Sequence logos provide a convenient visualization of the selected motifs. For TF-binding, information used to derive these logos can be used to estimate binding energy [53,54]. However, for general HT-SELEX this connection is less immediate as one has to take into account the energy contribution from the structure component [55]. Perhaps even more importantly, aptamers binding to large cell surfaces are likely to be exposed to more binding opportunities than ap-tamers binding to single receptors and thus the number of resulting motifs can be expressed as a function of interaction probability and binding affinity. We hypothesize that the here presented K-context trace will be helpful in untangling some of these contributions.

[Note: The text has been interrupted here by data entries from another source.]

Definition eaffine (R : realType) (k : nat) (f : 'rV[R]_k -> \bar R) : Prop :=
  exists (a : 'rV[R]_k) (b : R), forall y, f y = (edot a y + b)%:E.

From Pilot Require Import Defs.
From HB Require Import structures.
From mathcomp Require Import all_boot all_order all_algebra.
From mathcomp Require Import all_classical all_reals all_analysis.
From mathcomp Require Import ring lra.
Import Order.TTheory GRing.Theory Num.Theory.
Import numFieldNormedType.Exports.
Local Open Scope classical_set_scope.
Local Open Scope ring_scope.
Set Implicit Arguments. Unset Strict Implicit. Unset Printing Implicit Defensive.

(* (b) => (a): pairing the stationarity equation of a multiplier lam with nu - y, where
   y is the projection of nu onto Gamma(x), and using the gradient inequality of the
   convex h_i and the exact first-order expansion of the affine ones, gives
   dist(nu, Gamma(x)) = |y - nu| <= (sum_i |lam_i|) * resid(x, nu).  A sequence violating
   the error bound with constant M therefore admits no multiplier of l1-norm <= M.

   (a) => (b): near (xb, yb) the projections y^k are close to yb, so the error bound with
   constant kappa holds on a ball around y^k.  Let u = (nu - y) / |nu - y| and let c be
   the point closest to u in the compact convex set of combinations sum_i lam_i grad h_i(y)
   with admissible signs and sum_i |lam_i| <= kappa.  If d = u - c were nonzero, then along
   y + t d the distance to Gamma(x) would grow at rate <u, d> = |d|^2 + <d, c>, while the
   optimality of c bounds the growth rate of the residual by <d, c> / kappa, contradicting
   the error bound.  Hence u = c, which is the multiplier rule with lam in Lambda^kappa. *)

(* Plain [edist] would be the extended distance of mathcomp-analysis. *)
Local Notation edist := Defs.edist.

Section Euclid.
Variables (R : realType) (k : nat).
Implicit Types (u v w : 'rV[R]_k).

Lemma edotC u v : edot u v = edot v u.
Proof. by apply: eq_bigr => j _; rewrite mulrC. Qed.

Lemma edotDr u v w : edot u (v + w) = edot u v + edot u w.
Proof. by rewrite /edot -big_split; apply: eq_bigr => j _; rewrite mxE mulrDr. Qed.

Lemma edotZr u v a : edot u (a *: v) = a * edot u v.
Proof. by rewrite /edot mulr_sumr; apply: eq_bigr => j _; rewrite mxE mulrCA. Qed.

Lemma edot0r u : edot u 0 = 0.
Proof. by rewrite -(scale0r 0) edotZr mul0r. Qed.

Lemma edotNr u v : edot u (- v) = - edot u v.
Proof. by rewrite -scaleN1r edotZr mulN1r. Qed.

Lemma edotBr u v w : edot u (v - w) = edot u v - edot u w.
Proof. by rewrite edotDr edotNr. Qed.

Lemma edotDl u v w : edot (v + w) u = edot v u + edot w u.
Proof. by rewrite edotC edotDr !(edotC u). Qed.

Lemma edotZl u v a : edot (a *: v) u = a * edot v u.
Proof. by rewrite edotC edotZr edotC. Qed.

Lemma edotNl u v : edot (- v) u = - edot v u.
Proof. by rewrite edotC edotNr edotC. Qed.

Lemma edotBl u v w : edot (v - w) u = edot v u - edot w u.
Proof. by rewrite edotDl edotNl. Qed.

Lemma edot0l u : edot 0 u = 0.
Proof. by rewrite edotC edot0r. Qed.

Lemma edot_suml (I : Type) (r : seq I) (P : pred I) u (F : I -> 'rV[R]_k) :
  edot (\sum_(i <- r | P i) F i) u = \sum_(i <- r | P i) edot (F i) u.
Proof. exact: (big_morph _ (edotDl u) (edot0l u)). Qed.

Lemma edot_ge0 v : 0 <= edot v v.
Proof. by apply: sumr_ge0 => j _; rewrite -expr2 sqr_ge0. Qed.

Lemma edot_eq0 v : (edot v v == 0) = (v == 0).
Proof.
apply/idP/eqP => [|->]; last by rewrite edot0r.
rewrite psumr_eq0 => [/allP v0|j _]; last by rewrite -expr2 sqr_ge0.
apply/rowP => j; rewrite mxE; apply/eqP.
by have := v0 j (mem_index_enum j); rewrite /= mulf_eq0 orbb.
Qed.

Lemma sqr_enorm v : enorm v ^+ 2 = edot v v.
Proof.
rewrite /enorm sqr_sqrtr; last by apply: sumr_ge0 => j _; rewrite sqr_ge0.
by apply: eq_bigr => j _; rewrite expr2.
Qed.

Lemma enorm_ge0 v : 0 <= enorm v.
Proof. exact: sqrtr_ge0. Qed.

Lemma enormE v : enorm v = Num.sqrt (edot v v).
Proof. by rewrite -sqr_enorm sqrtr_sqr ger0_norm // enorm_ge0. Qed.

Lemma enorm_eq0 v : (enorm v == 0) = (v == 0).
Proof. by rewrite enormE sqrtr_eq0 le_eqVlt ltNge edot_ge0 orbF edot_eq0. Qed.

Lemma enorm_gt0 v : (0 < enorm v) = (v != 0).
Proof. by rewrite lt0r enorm_ge0 andbT enorm_eq0. Qed.

Lemma enormZ v a : enorm (a *: v) = `|a| * enorm v.
Proof. by rewrite !enormE edotZl edotZr mulrA -expr2 sqrtrM ?sqr_ge0 // sqrtr_sqr. Qed.

Lemma enormN v : enorm (- v) = enorm v.
Proof. by rewrite -scaleN1r enormZ normrN1 mul1r. Qed.

Lemma enormBC u v : enorm (u - v) = enorm (v - u).
Proof. by rewrite -enormN opprB. Qed.

Lemma ler_enorm u v : (enorm u <= enorm v) = (edot u u <= edot v v).
Proof. by rewrite !enormE ler_sqrt // edot_ge0. Qed.

Lemma edot_unit_le_enorm u v : enorm u = 1 -> edot u v <= enorm v.
Proof.
move=> u1; set c := edot u v.
have : 0 <= edot (v - c *: u) (v - c *: u) := edot_ge0 _.
rewrite edotBl !edotBr !edotZl !edotZr -!sqr_enorm u1 (edotC v u) -/c expr1n.
have := enorm_ge0 v; nra.
Qed.

Lemma mx_norm_le_enorm v : `|v| <= enorm v.
Proof.
rewrite [`|v|]mx_normrE; apply: bigmax_le => [|[i j] _] /=; first exact: enorm_ge0.
rewrite (ord1 i) -(sqrtr_sqr (v 0 j)) /enorm ler_wsqrtr //.
by rewrite (bigD1 j) //= lerDl sumr_ge0 // => j' _; rewrite sqr_ge0.
Qed.

Lemma continuous_edot (T : topologicalType) (f g : T -> 'rV[R]_k) :
  continuous f -> continuous g -> continuous (fun t => edot (f t) (g t)).
Proof.
move=> cf cg; apply: continuous_big => [z|j _ t]; first exact: add_continuous.
have coord (F : T -> 'rV[R]_k) : continuous F -> continuous (fun s => F s 0 j).
  by move=> cF s; exact: (continuous_comp (cF s) (@coord_continuous R 1 k 0 j (F s))).
by apply: cvgM; [exact: coord | exact: coord].
Qed.

End Euclid.

Section Projection.
Variables (R : realType) (k : nat).
Implicit Types (S : set 'rV[R]_k) (u v w y z : 'rV[R]_k).

Definition convex_rV S :=
  forall a b (t : R), 0 <= t <= 1 -> S a -> S b -> S (t *: a + (1 - t) *: b).

Lemma edist_le_enorm S v w : S w -> edist v S <= enorm (w - v).
Proof.
move=> Sw; apply: ge_inf; last by exists w.
by exists 0 => _ [z _ <-]; exact: enorm_ge0.
Qed.

Lemma edist_ge S v c :
  S !=set0 -> (forall w, S w -> c <= enorm (w - v)) -> c <= edist v S.
Proof.
move=> [w Sw] cS; apply: lb_le_inf; first by exists (enorm (w - v)), w.
by move=> _ [z Sz <-]; exact: cS.
Qed.

Lemma edist_eproj S v y : eproj v S y -> edist v S = enorm (y - v).
Proof.
move=> [Sy ymin]; apply/eqP; rewrite eq_le edist_le_enorm //=.
by apply: edist_ge; [exists y | exact: ymin].
Qed.

Lemma eproj_exists S v : closed S -> S !=set0 -> exists y, eproj v S y.
Proof.
move=> clS [y0 Sy0]; pose g w := edot (w - v) (w - v).
have cg : continuous g.
  by apply: continuous_edot => w; apply: continuousB => //; exact: cst_continuous.
pose K := S `&` [set w | g w <= g y0].
have clK : closed K.
  apply: closedI => //; rewrite -[X in closed X]/(g @^-1` [set r | r <= g y0]).
  by apply: (continuous_closedP g).1 cg _ _; exact: closed_le.
have bK : [bounded w | w in K].
  rewrite /bounded_near; near=> M => w [_ Kw] /=; rewrite -[w](subrK v).
  apply: le_trans (ler_normD _ _) _; apply: (@le_trans _ _ (Num.sqrt (g y0) + `|v|)).
    by rewrite lerD2r (le_trans (mx_norm_le_enorm _)) // enormE ler_wsqrtr.
  by near: M; apply: nbhs_pinfty_ge; exact: num_real.
have [y Ky ymin] := compact_EVT_min (ex_intro _ y0 (conj Sy0 (lexx _)))
  (bounded_closed_compact bK clK) (continuous_subspaceT cg).
move: Ky; rewrite inE => -[Sy gy]; exists y; split => // z Sz.
rewrite ler_enorm; have [gz|/ltW gz] := leP (g z) (g y0); last exact: le_trans gz.
by apply: ymin; rewrite inE.
Unshelve. all: by end_near.
Qed.

Lemma ge0_of_ray (a b : R) : (forall s, 0 < s <= 1 -> 0 <= a + s * b) -> 0 <= a.
Proof.
move=> ray; rewrite leNgt; apply/negP => a0.
pose s := - a / (2 * (`|b| - a)).
have den0 : 0 < 2 * (`|b| - a) by have := normr_ge0 b; lra.
have sden : s * (2 * (`|b| - a)) = - a by rewrite mulfVK // gt_eqF.
have s0 : 0 < s by rewrite divr_gt0 // oppr_gt0.
have s1 : s <= 1 by rewrite ler_pdivrMr // mul1r; have := normr_ge0 b; lra.
have /ray : 0 < s <= 1 by rewrite s0 s1.
have := ler_norm b; have := normr_ge0 b; nra.
Qed.

Lemma eproj_normal S v y :
  convex_rV S -> eproj v S y -> forall w, S w -> edot (v - y) (w - y) <= 0.
Proof.
move=> cS [Sy ymin] w Sw; rewrite -opprB edotNl oppr_le0 -(pmulr_rge0 _ (ltr0n _ 2)).
apply: (ge0_of_ray (b := edot (w - y) (w - y))) => s /andP[s0 s1].
have s01 : 0 <= s <= 1 by rewrite (ltW s0) s1.
rewrite -(pmulr_rge0 _ s0); have := ymin _ (cS w y s s01 Sw Sy); rewrite ler_enorm.
have -> : s *: w + (1 - s) *: y - v = (y - v) + s *: (w - y).
  by apply/rowP => j; rewrite !mxE; ring.
move: (y - v) (w - y) => a b.
rewrite edotDl !edotDr !edotZl !edotZr (edotC b).
have := edot_ge0 b; nra.
Qed.

Lemma edist_ge_halfspace S u y z : S y -> enorm u = 1 ->
  (forall w, S w -> edot u (w - y) <= 0) -> edot u (z - y) <= edist z S.
Proof.
move=> Sy u1 uS; apply: edist_ge; first by exists y.
move=> w Sw; rewrite enormBC; apply: le_trans (edot_unit_le_enorm _ u1).
have -> : z - w = (z - y) + (y - w) by rewrite addrA subrK.
by rewrite (edotDr u (z - y)) lerDl -opprB edotNr oppr_ge0 uS.
Qed.

End Projection.

Section Differential.
Variables (R : realType) (k : nat).
Implicit Types (f : 'rV[R]_k -> R) (y w z : 'rV[R]_k).

Definition convex_fun_rV f :=
  forall a b (t : R), 0 <= t <= 1 -> f (t *: a + (1 - t) *: b) <= t * f a + (1 - t) * f b.

Lemma diff_nondifferentiable f y w : ~ differentiable f y -> 'd f y w = 0.
Proof.
move=> ndf; rewrite /diff getPN //= => df Pdf; apply: ndf; apply/diffP; rewrite /diff.
match goal with |- context[get ?P] => have ex : exists x, P x by exists df end.
exact: getPex ex.
Qed.

Lemma edot_row_diff f y w : edot (\row_(j < k) 'd f y (delta_mx 0 j)) w = 'd f y w.
Proof.
rewrite {2}(row_sum_delta w) linear_sum; apply: eq_bigr => j _.
by rewrite mxE linearZ /= mulrC.
Qed.

Lemma diff_ray_quotient_cvg f y w : differentiable f y ->
  (fun t : R => t^-1 * (f (y + t *: w) - f y)) @ 0^'+ --> 'd f y w.
Proof.
move=> df; rewrite -deriveE //; apply: cvg_dnbhs_at_right.
have -> : (fun t : R => t^-1 * (f (y + t *: w) - f y)) =
    (fun t => t^-1 *: ((f \o shift y) (t *: w) - f y)).
  by apply/funext => t /=; rewrite [t *: w + y]addrC.
exact: diff_derivable.
Qed.

Lemma diff_ray_approx f y w e : differentiable f y -> 0 < e ->
  \forall t \near 0^'+, `|f (y + t *: w) - f y - t * 'd f y w| <= t * e.
Proof.
move=> df e0.
have /cvgrPdist_le/(_ e e0) q_near := diff_ray_quotient_cvg (w := w) df.
near=> t; have t0 : 0 < t by near: t; exact: nbhs_right_gt.
have : `|'d f y w - t^-1 * (f (y + t *: w) - f y)| <= e by near: t.
rewrite -(ler_pM2l t0) -{1}(gtr0_norm t0) -normrM mulrBr mulrA mulfV ?gt_eqF //.
by rewrite mul1r distrC.
Unshelve. all: by end_near.
Qed.

Lemma near0_right_mulr_lt (c b : R) : 0 < b -> \forall t \near 0^'+, t * c < b.
Proof.
move=> b0; have c1 : 0 < `|c| + 1 by rewrite ltr_wpDl.
near=> t; have t0 : 0 < t by near: t; exact: nbhs_right_gt.
have : t < b / (`|c| + 1) by near: t; apply: nbhs_right_lt; rewrite divr_gt0.
rewrite ltr_pdivlMr // => tb; have := ler_norm c; nra.
Unshelve. all: by end_near.
Qed.

Lemma convex_diff_le f y z :
  convex_fun_rV f -> differentiable f y -> 'd f y (z - y) <= f z - f y.
Proof.
move=> cf df; apply/ler_addgt0Pr => e e0.
have [t [t0 t1 approx]] : exists t : R, [/\ 0 < t, t <= 1 &
    `|f (y + t *: (z - y)) - f y - t * 'd f y (z - y)| <= t * e].
  apply: (filter_ex (F := 0^'+)); near=> t; split.
  - by near: t; exact: nbhs_right_gt.
  - by near: t; apply: nbhs_right_le; exact: ltr01.
  - by near: t; exact: diff_ray_approx.
have : f (y + t *: (z - y)) <= t * f z + (1 - t) * f y.
  have -> : y + t *: (z - y) = t *: z + (1 - t) *: y.
    by apply/rowP => j; rewrite !mxE; ring.
  by apply: cf; rewrite t1 ltW.
move: approx; rewrite ler_norml => /andP[lo _] up.
rewrite -(ler_pM2l t0); nra.
Unshelve. all: by end_near.
Qed.

Lemma affine_diff_eq f (a : 'rV[R]_k) (b : R) y z :
  (forall x, f x = edot a x + b) -> differentiable f y -> 'd f y (z - y) = f z - f y.
Proof.
move=> fE df; have slope t : f (y + t *: (z - y)) - f y = t * (f z - f y).
  by rewrite !fE edotDr edotZr edotBr; ring.
apply/eqP; rewrite -subr_eq0 -normr_eq0 eq_le normr_ge0 andbT; apply/ler_addgt0Pr.
move=> e e0; rewrite add0r.
have [t [t0 approx]] : exists t : R, 0 < t /\
    `|f (y + t *: (z - y)) - f y - t * 'd f y (z - y)| <= t * e.
  apply: (filter_ex (F := 0^'+)); near=> t; split.
  - by near: t; exact: nbhs_right_gt.
  - by near: t; exact: diff_ray_approx.
move: approx; rewrite slope -mulrBr normrM gtr0_norm // ler_pM2l //.
by rewrite distrC.
Unshelve. all: by end_near.
Qed.

End Differential.

Section Constraints.
Variables (R : realType) (n m p l : nat).
Variable h : 'I_p -> 'rV[R]_n -> 'rV[R]_m -> \bar R.
Implicit Types (i : 'I_p) (x : 'rV[R]_n) (y z nu : 'rV[R]_m).

Definition hR i x y : R := fine (h i x y).

Definition viol i x y : R := if (i < l)%N then hR i x y else `|hR i x y|.

Definition rresid x y : R := \big[Num.max/0]_(i < p) viol i x y.

Lemma rresid_ge0 x y : 0 <= rresid x y.
Proof. by apply: bigmax_ge_id. Qed.

Lemma viol_le_rresid i x y : viol i x y <= rresid x y.
Proof. exact: le_bigmax. Qed.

Finally, analysis of the K-context trace indicates that the selection signal can be identified at very early cycles. This suggests that, with deep enough sequencing, only a limited number of selection cycles might be required. Yet, this analysis also shows that the dynamics of K-context traces is not the same for all sequence-structure motifs. While most trends essentially stabilize at a relatively early cycle, some continue to grow. We hypothesize that this type of information can aid the identification of the most promising binders. Note that while we defined the K-context shifting score on all pairs of sequenced selection pools, it can also be used to focus the analysis to any part of the selection as long as it includes at least two cycles and hence to center on additional details of the selection dynamics. Other variants of the K-context shifting score (e.g. always using the initial pool as background/reference in the summation) can also prove informative, however full elucidation of this dynamic will require concerted computational and experimental effort. AptaTRACE is not only a powerful method to detect emerging sequence-structure motifs but also, a flexible tool to interrogate such selection dynamics.